Olivia Rodrigo’s sadness turns into Cure Pop

On you seem pretty sad for a girl so in love, Olivia Rodrigo charts a romance that burns bright and then starts to unravel—song by song, with new vocal strengths and carefully tuned production. The album’s emotional math gets stranger with each track, culminat
There’s a peculiar kind of tension in Robert Smith talking about pop like it’s a tempo chart.

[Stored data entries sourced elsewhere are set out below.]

(* Compactness of the unit sphere is available for row vectors only, hence the
   detour through mxvec in is_norm_entry_lb. *)
Lemma is_norm_rV_lb (R : realType) k (N : 'rV[R]_k -> R) : is_norm N ->
  exists2 c, 0 < c & forall v, c * `|v| <= N v.
Proof.
move=> normN; pose sphere := [set v : 'rV[R]_k | `|v| = 1].
have normalize (v : 'rV[R]_k) : v != 0 -> `|(`|v|^-1 *: v)| = 1.
  by move=> v0; rewrite normrZ normrV ?unitfE ?normr_eq0 // normr_id mulVf // normr_eq0.
have [[u su]|sphere0] := pselect (sphere !=set0); last first.
  exists 1 => // v; rewrite mul1r.
  have [->|v0] := eqVneq v 0; first by rewrite normr0 is_norm0.
  by exfalso; apply: sphere0; exists (`|v|^-1 *: v); exact: normalize.
have sphere_compact : compact sphere.
  apply: bounded_closed_compact.
    by exists 1; split => // M M1 x /= ->; exact: ltW.
  have -> : sphere = (fun v : 'rV[R]_k => `|v|) @^-1` [set 1] by [].
  apply: preimage_closed; last exact: closed_eq.
  by move=> x _; exact: norm_continuous.
have [c0 /[!inE] c0s c0min] := EVT_min_rV (ex_intro _ u su) sphere_compact
  (continuous_subspaceT (is_norm_continuous normN)).
have c0_gt0 : 0 < N c0.
  apply: is_norm_gt0 => //; apply/eqP => c00.
  by move: c0s; rewrite c00 normr0 => /eqP; rewrite eq_sym oner_eq0.
exists (N c0) => // v; have [->|v0] := eqVneq v 0; first by rewrite normr0 mulr0 is_norm0.
have := c0min (`|v|^-1 *: v); rewrite inE /= normalize // => /(_ erefl).
by rewrite is_normZ // normfV normr_id ler_pdivlMl ?normr_gt0 // mulrC.
Qed.

Lemma is_norm_entry_lb (R : realType) a b (N : 'M[R]_(a, b) -> R) : is_norm N ->
  exists2 c : R, 0 < c & forall (Z : 'M[R]_(a, b)) i j, c * `|Z i j| <= N Z.
Proof.
move=> normN.
have normNvec : is_norm (fun v : 'rV[R]_(a * b) => N (vec_mx v)).
  split; [|split] => [v /(is_norm_eq0 normN) v0|c v|v w].
  - by rewrite -(vec_mxK v) v0 linear0.
  - by rewrite linearZ is_normZ.
  - by rewrite linearD is_normD.
have [c c0 Hc] := is_norm_rV_lb normNvec.
exists c => // Z i j; rewrite -mxvecE.
have := Hc (mxvec Z); rewrite mxvecK; apply: le_trans; rewrite ler_wpM2l ?(ltW c0)//.
exact: mx_norm_entry.
Qed.

Lemma mxtrace_trmx_mul (R : realType) a b (Y Z : 'M[R]_(a, b)) :
  \tr (Y^T *m Z) = \sum_i \sum_k Y k i * Z k i.
Proof.
by apply: eq_bigr => i _; rewrite mxE; apply: eq_bigr => k _; rewrite mxE.
Qed.

Section DualNorm.
Variables (R : realType) (a b : nat) (N : 'M[R]_(a, b) -> R).
Hypothesis normN : is_norm N.

Let ball1 := [set Z : 'M[R]_(a, b) | N Z <= 1].

Lemma ball1_0 : ball1 0.
Proof. by rewrite /ball1 /= is_norm0. Qed.

Lemma has_sup_dual_norm Y : has_sup [set \tr (Y^T *m Z) | Z in ball1].
Proof.
split; first by exists (\tr (Y^T *m 0)), 0 => //; exact: ball1_0.
have [c c0 Hc] := is_norm_entry_lb normN.
exists (\sum_i \sum_k `|Y k i| / c) => _ [Z /= NZ <-].
rewrite mxtrace_trmx_mul; apply: ler_sum => i _; apply: ler_sum => k _.
apply: le_trans (ler_norm _) _; rewrite normrM ler_wpM2l //.
by rewrite -div1r ler_pdivlMr // mulrC; apply: le_trans (Hc _ _ _) NZ.
Qed.

Lemma dual_norm_ge0 Y : 0 <= dual_norm N Y.
Proof.
apply: sup_upper_bound; first exact: has_sup_dual_norm.
by exists 0; [exact: ball1_0 | rewrite mulmx0 mxtrace0].
Qed.

Lemma dual_norm0 : dual_norm N 0 = 0.
Proof.
apply/eqP; rewrite eq_le dual_norm_ge0 andbT; apply: ge_sup.
  by exists 0, 0; [exact: ball1_0 | rewrite mulmx0 mxtrace0].
by move=> _ [Z _ <-]; rewrite trmx0 mul0mx mxtrace0.
Qed.

Lemma mxtrace_le_dual_norm Y D : \tr (Y^T *m D) <= dual_norm N Y * N D.
Proof.
have [->|D0] := eqVneq D 0; first by rewrite mulmx0 mxtrace0 is_norm0 // mulr0.
have ND := is_norm_gt0 normN D0.
have D1 : ball1 ((N D)^-1 *: D).
  by rewrite /ball1 /= is_normZ // gtr0_norm ?invr_gt0 // mulVf ?gt_eqF.
have := sup_upper_bound (has_sup_dual_norm Y) (ex_intro2 _ _ _ D1 erefl).
by rewrite -scalemxAr mxtraceZ mulrC -ler_pdivrMr.
Qed.

Lemma lmo_step_mxtrace G Xo Xn t : 0 <= t -> lmo_step N G Xo Xn t ->
  \tr (G^T *m (Xn - Xo)) <= - (t * dual_norm N G).
Proof.
move=> t0 [_ Xn_min]; apply/ler_addgt0Pr => e e0.
have e1 : 0 < e / (t + 1) by rewrite divr_gt0 // ltr_wpDl.
have [_ [Z /= NZ <-] Z_near_sup] := sup_adherent e1 (has_sup_dual_norm G).
have : N (Xo - t *: Z - Xo) <= t.
  by rewrite addrAC subrr add0r is_normN // is_normZ // ger0_norm // ler_piMr.
move=> /Xn_min; rewrite !mulmxBr !linearB /= -scalemxAr mxtraceZ.
have : t * (dual_norm N G - e / (t + 1)) <= t * \tr (G^T *m Z).
  by rewrite ler_wpM2l // ltW.
have : t * (e / (t + 1)) <= e.
  by rewrite mulrCA ger_pMr // ler_pdivrMr ?ltr_wpDl // mul1r lerDl.
lra.
Qed.

End DualNorm.

Section Line.
Variables (R : realType) (p : nat) (m n : 'I_p -> nat).
Local Notation S := (prodS R m n).

Definition line (X D : S) (t : R) : S := fun i => X i + t *: D i.

Lemma line0 X D : line X D 0 = X.
Proof. by apply: functional_extensionality_dep => i; rewrite /line scale0r addr0. Qed.

Lemma line1 X D : line X D 1 = addS X D.
Proof. by apply: functional_extensionality_dep => i; rewrite /line scale1r. Qed.

Lemma line_shift X D t h :
  addS (line X D t) (fun i => h *: D i) = line X D (h + t).
Proof.
apply: functional_extensionality_dep => i.
by rewrite /addS /line scalerDl [h *: _ + _]addrC addrA.
Qed.

Lemma ipSZr (G D : S) c : ipS G (fun i => c *: D i) = c * ipS G D.
Proof. by rewrite /ipS mulr_sumr; apply: eq_bigr => i _; rewrite -scalemxAr mxtraceZ. Qed.

Lemma nSZ (D : S) c : nS (fun i => c *: D i) = `|c| * nS D.
Proof.
rewrite /nS mulr_sumr; apply: eq_bigr => i _; rewrite mulr_sumr; apply: eq_bigr => k _.
by rewrite mulr_sumr; apply: eq_bigr => l _; rewrite mxE normrM.
Qed.

Lemma nS_ge0 (D : S) : 0 <= nS D.
Proof. by do 3 (apply: sumr_ge0 => ? _). Qed.

Lemma is_derive_line (f : S -> R) (g : S -> S) (X D : S) (t : R) : is_gradient f g ->
  is_derive t 1 (fun s => f (line X D s)) (ipS (g (line X D t)) D).
Proof.
move=> grad_f.
suff lim_quotient : (fun h => h^-1 *: (f (line X D (h *: 1 + t)) - f (line X D t)))
    @ 0^' --> ipS (g (line X D t)) D.
  by apply: DeriveDef; [apply/cvg_ex; eexists; exact: lim_quotient | exact: cvg_lim].
apply/cvgrPdist_le => e e0.
have nD1 : 0 < nS D + 1 by rewrite ltr_wpDl ?nS_ge0.
have [d d0 Hd] := grad_f (line X D t) (e / (nS D + 1)) (divr_gt0 e0 nD1).
near=> h.
have h0 : h != 0 by near: h; exact: nbhs_dnbhs_neq.
have hd : `|h| < d / (nS D + 1) by near: h; apply: dnbhs0_lt; exact: divr_gt0.
have := Hd (fun i => h *: D i).
rewrite line_shift ipSZr nSZ [h%:A]mulr1 => /(_ _)/wrap[].
  by rewrite ltr_pdivlMr // in hd; apply: le_lt_trans hd; rewrite ler_wpM2l ?lerDl.
set F := _ - f _; set ip := ipS _ D => hF.
have -> : ip - h^-1 *: F = - h^-1 * (F - h * ip) by rewrite [_ *: _]/GRing.scale /=; field.
rewrite normrM normrN normrV ?unitfE // ler_pdivrMl ?normr_gt0 //.
apply: le_trans hF _; rewrite mulrCA ler_wpM2l // mulrAC ler_pdivrMr //.
by rewrite ler_wpM2l ?lerDl // ltW.
Unshelve. all: by end_near.
Qed.

End Line.

Lemma is_derive_quadratic (R : realType) (a c t : R) :
  is_derive t 1 (fun s : R => s * a + s ^+ 2 * c) (a + 2 * t * c).
Proof.
by apply: is_derive_eq; rewrite !scaler0 !add0r /GRing.scale /= !mulr1; ring.
Qed.

Section Descent.
Variables (R : realType) (p : nat) (m n : 'I_p -> nat).
Variables (N : forall i : 'I_p, 'M[R]_(m i, n i) -> R)
  (f : prodS R m n -> R) (g : prodS R m n -> prodS R m n) (L0 L1 : 'I_p -> R).
Arguments N : clear implicits.
Hypotheses (normN : forall i, is_norm (N i)) (grad_f : is_gradient f g)
  (smooth_f : layerwise_L0L1_smooth N g L0 L1).
Local Notation S := (prodS R m n).

Definition L0L1_quad (X D : S) : R :=
  \sum_i (L0 i + L1 i * dual_norm (N i) (g X i)) * N i (D i) ^+ 2.

Lemma ipS_line_grad_le X D t : 0 <= t ->
  ipS (g (line X D t)) D - ipS (g X) D <= t * L0L1_quad X D.
Proof.
move=> t0; rewrite /ipS -sumrB /L0L1_quad mulr_sumr; apply: ler_sum => i _.
rewrite -linearB -mulmxBl -linearB /= -[_ - _]opprB linearN /= mulNmx -mulmxN.
apply: le_trans (mxtrace_le_dual_norm (normN i) _ _) _.
apply: le_trans (ler_wpM2r (is_norm_ge0 (normN i) _) (smooth_f i X (line X D t))) _.
rewrite /line opprD addNKr !is_normN // is_normZ // ger0_norm //.
by rewrite le_eqVlt -!mulrA mulrCA [t * _]mulrC expr2 eqxx.
Qed.

Lemma L0L1_descent X D :
  f (addS X D) <= f X + ipS (g X) D + L0L1_quad X D / 2.
Proof.
set C := L0L1_quad X D; set ip0 := ipS (g X) D.
pose phi s := f (line X D s) - (s * ip0 + s ^+ 2 * (C / 2)).
have dphi (t : R) : is_derive t 1 phi (ipS (g (line X D t)) D - (ip0 + 2 * t * (C / 2))).
  exact: (is_deriveB (is_derive_line X D t grad_f) (is_derive_quadratic _ _ _)).
have phi_nonincr : {in `[0, 1]%R &, {homo phi : x y /~ x <= y}}.
  apply: ler0_derive1_le_cc => [t _|t|]; first exact: ex_derive.
    rewrite in_itv /= => /andP[t0 _]; rewrite derive1E derive_val.
    by have := ipS_line_grad_le X D (ltW t0); rewrite -/ip0 -/C; lra.
  by apply: derivable_within_continuous => t _; exact: ex_derive.
have := phi_nonincr 1 0; rewrite !in_itv /= !lexx ler01 /phi line0 line1 => /(_ isT isT isT).
lra.
Qed.

End Descent.

Lemma lmo_step_gluon_radius (R : realType) a b (N : 'M[R]_(a, b) -> R)
  (G Xo Xn : 'M[R]_(a, b)) (l0 l1 : R) :
  is_norm N -> 0 <= l0 -> 0 < l1 ->
  lmo_step N G Xo Xn (gluon_radius N G l0 l1) ->
  \tr (G^T *m (Xn - Xo)) + (l0 + l1 * dual_norm N G) * N (Xn - Xo) ^+ 2 / 2
    <= - (dual_norm N G ^+ 2 / (l0 + l1 * dual_norm N G) / 2).
Proof.
move=> normN l0_ge0 l1_gt0 step.
set t := gluon_radius _ _ _ _ in step; set d := dual_norm N G.
set l := l0 + l1 * d.
have d0 : 0 <= d := dual_norm_ge0 normN G.
have l_ge0 : 0 <= l by rewrite addr_ge0 // mulr_ge0 // ltW.
have t0 : 0 <= t by rewrite /t /gluon_radius; case: ifP => // _; rewrite divr_ge0.
have lin := lmo_step_mxtrace normN t0 step.
have quad : l * N (Xn - Xo) ^+ 2 / 2 <= l * t ^+ 2 / 2.
  case: step => Nt _; rewrite ler_pM2r ?invr_gt0 // ler_wpM2l // !expr2.
  by rewrite ler_pM // is_norm_ge0.
apply: le_trans (lerD lin quad) _; rewrite /t /gluon_radius -/d -/l.
case: ifP => [/eqP G0|_].
  by rewrite /d G0 dual_norm0 // !mul0r expr0n /= !mulr0 !mul0r oppr0 addr0.
have [->|l_neq0] := eqVneq l 0; first by rewrite invr0 !(mulr0, mul0r) oppr0 addr0.
by rewrite le_eqVlt; apply/orP; left; apply/eqP; field.
Qed.

Lemma ler_sqr_div (R : realFieldType) (x y mu : R) : 0 <= y -> (y = 0 -> x = 0) ->
  2 * mu * x - mu ^+ 2 * y <= x ^+ 2 / y.
Proof.
move=> y0 y0_x0; have [y00|y_neq0] := eqVneq y 0.
  by rewrite y00 (y0_x0 y00) !mulr0 subrr expr0n /= mul0r.
have : 0 <= (x - mu * y) ^+ 2 / y by rewrite divr_ge0 // sqr_ge0.
have -> : (x - mu * y) ^+ 2 / y = x ^+ 2 / y - (2 * mu * x - mu ^+ 2 * y).
  by field.
by rewrite subr_ge0.
Qed.

(* ler_sqr_div at mu_i = lambda / l1_i, lambda = s / (A + s), A = sum_i l0_i / l1_i^2. *)
Lemma sum_sqr_div_gt (R : realFieldType) (I : finType) (x l0 l1 : I -> R) (s : R) :
  (forall i, 0 <= x i) -> (forall i, 0 <= l0 i) -> (forall i, 0 < l1 i) -> 0 < s ->
  s < \sum_i x i / l1 i ->
  s ^+ 2 / (\sum_i l0 i / l1 i ^+ 2 + s) < \sum_i x i ^+ 2 / (l0 i + l1 i * x i).
Proof.
move=> x0 l00 l10 s0 sT.
set A := \sum_i _ / _ ^+ 2; set T := \sum_i _ / _ in sT.
have A0 : 0 <= A by apply: sumr_ge0 => i _; rewrite divr_ge0 // ltW // exprn_gt0.
have As : 0 < A + s by rewrite ltr_wpDl.
set lam := s / (A + s).
have lam0 : 0 < lam by rewrite divr_gt0.
have lam1 : lam <= 1 by rewrite ler_pdivrMr // mul1r lerDr.
have tangent : (2 * lam - lam ^+ 2) * T - lam ^+ 2 * A <=
    \sum_i x i ^+ 2 / (l0 i + l1 i * x i).
  have -> : (2 * lam - lam ^+ 2) * T - lam ^+ 2 * A =
      \sum_i (2 * (lam / l1 i) * x i - (lam / l1 i) ^+ 2 * (l0 i + l1 i * x i)).
    rewrite /T /A !mulr_sumr -sumrB; apply: eq_bigr => i _.
    by field; rewrite gt_eqF.
  apply: ler_sum => i _; apply: ler_sqr_div.
    by rewrite addr_ge0 // mulr_ge0 // ltW.
  move=> /eqP; rewrite paddr_eq0 ?mulr_ge0 // ?ltW // => /andP[_].
  by rewrite mulf_eq0 gt_eqF //= => /eqP.
apply: lt_le_trans tangent.
have -> : s ^+ 2 / (A + s) = (2 * lam - lam ^+ 2) * s - lam ^+ 2 * A.
  by rewrite /lam; field; rewrite gt_eqF.
rewrite ltrD2r ltr_pM2l //.
have -> : 2 * lam - lam ^+ 2 = lam * (2 - lam) by ring.
by rewrite mulr_gt0 // subr_gt0; lra.
Qed.

Lemma telescope_lt (R : realDomainType) (u : nat -> R) (c : R) (K : nat) :
  (forall k, (k < K)%N -> u k.+1 + c < u k) -> (0 < K)%N ->
  u K + K%:R * c < u 0%N.
Proof.
elim: K => [//|K IH] u_dec _; rewrite -natr1 mulrDl mul1r.
have uK := u_dec K (ltnSn K).
case: K IH u_dec uK => [|K] IH u_dec uK; first by rewrite mul0r add0r.
have := IH (fun k hk => u_dec k (ltnW hk)) isT; lra.
Qed.

Lemma gluon_iteration_bound_eq (R : realFieldType) (D A H e : R) :
  0 <= A -> 0 < H -> 0 < e ->
  2 * D * A / (e ^+ 2 * H ^+ 2) + 2 * D / (e * H) = D / ((H * e) ^+ 2 / (A + H * e) / 2).
Proof.
move=> A0 H0 e0; have AHe : 0 < A + H * e by rewrite ltr_wpDl ?mulr_gt0.
by field; rewrite !gt_eqF ?mulr_gt0.
Qed.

After debuting his collaboration with Olivia Rodrigo at Primavera Sound. he described the Cure’s next album as “upbeat. ” but with Rodrigo’s music as his reference point—“It’s really poppy. ” he said. “but it doesn’t compare melodically to the stuff that Olivia does. but it’s my idea of Cure Pop.” He added a blunt measurement: “It’s probably 20 BPM slower than anything she does.”.
That number hangs in the air when you hear you seem pretty sad for a girl so in love—because the record doesn’t feel merely slower. It feels more controlled. More deliberate. And if Smith’s “Cure Pop” sounds like a promise of sadness with bounce. Rodrigo’s album spends its runtime turning that promise into something sharper: romance from its “incandescent beginnings” to its “very last flicker. ” bittersweet but executed with increasing confidence.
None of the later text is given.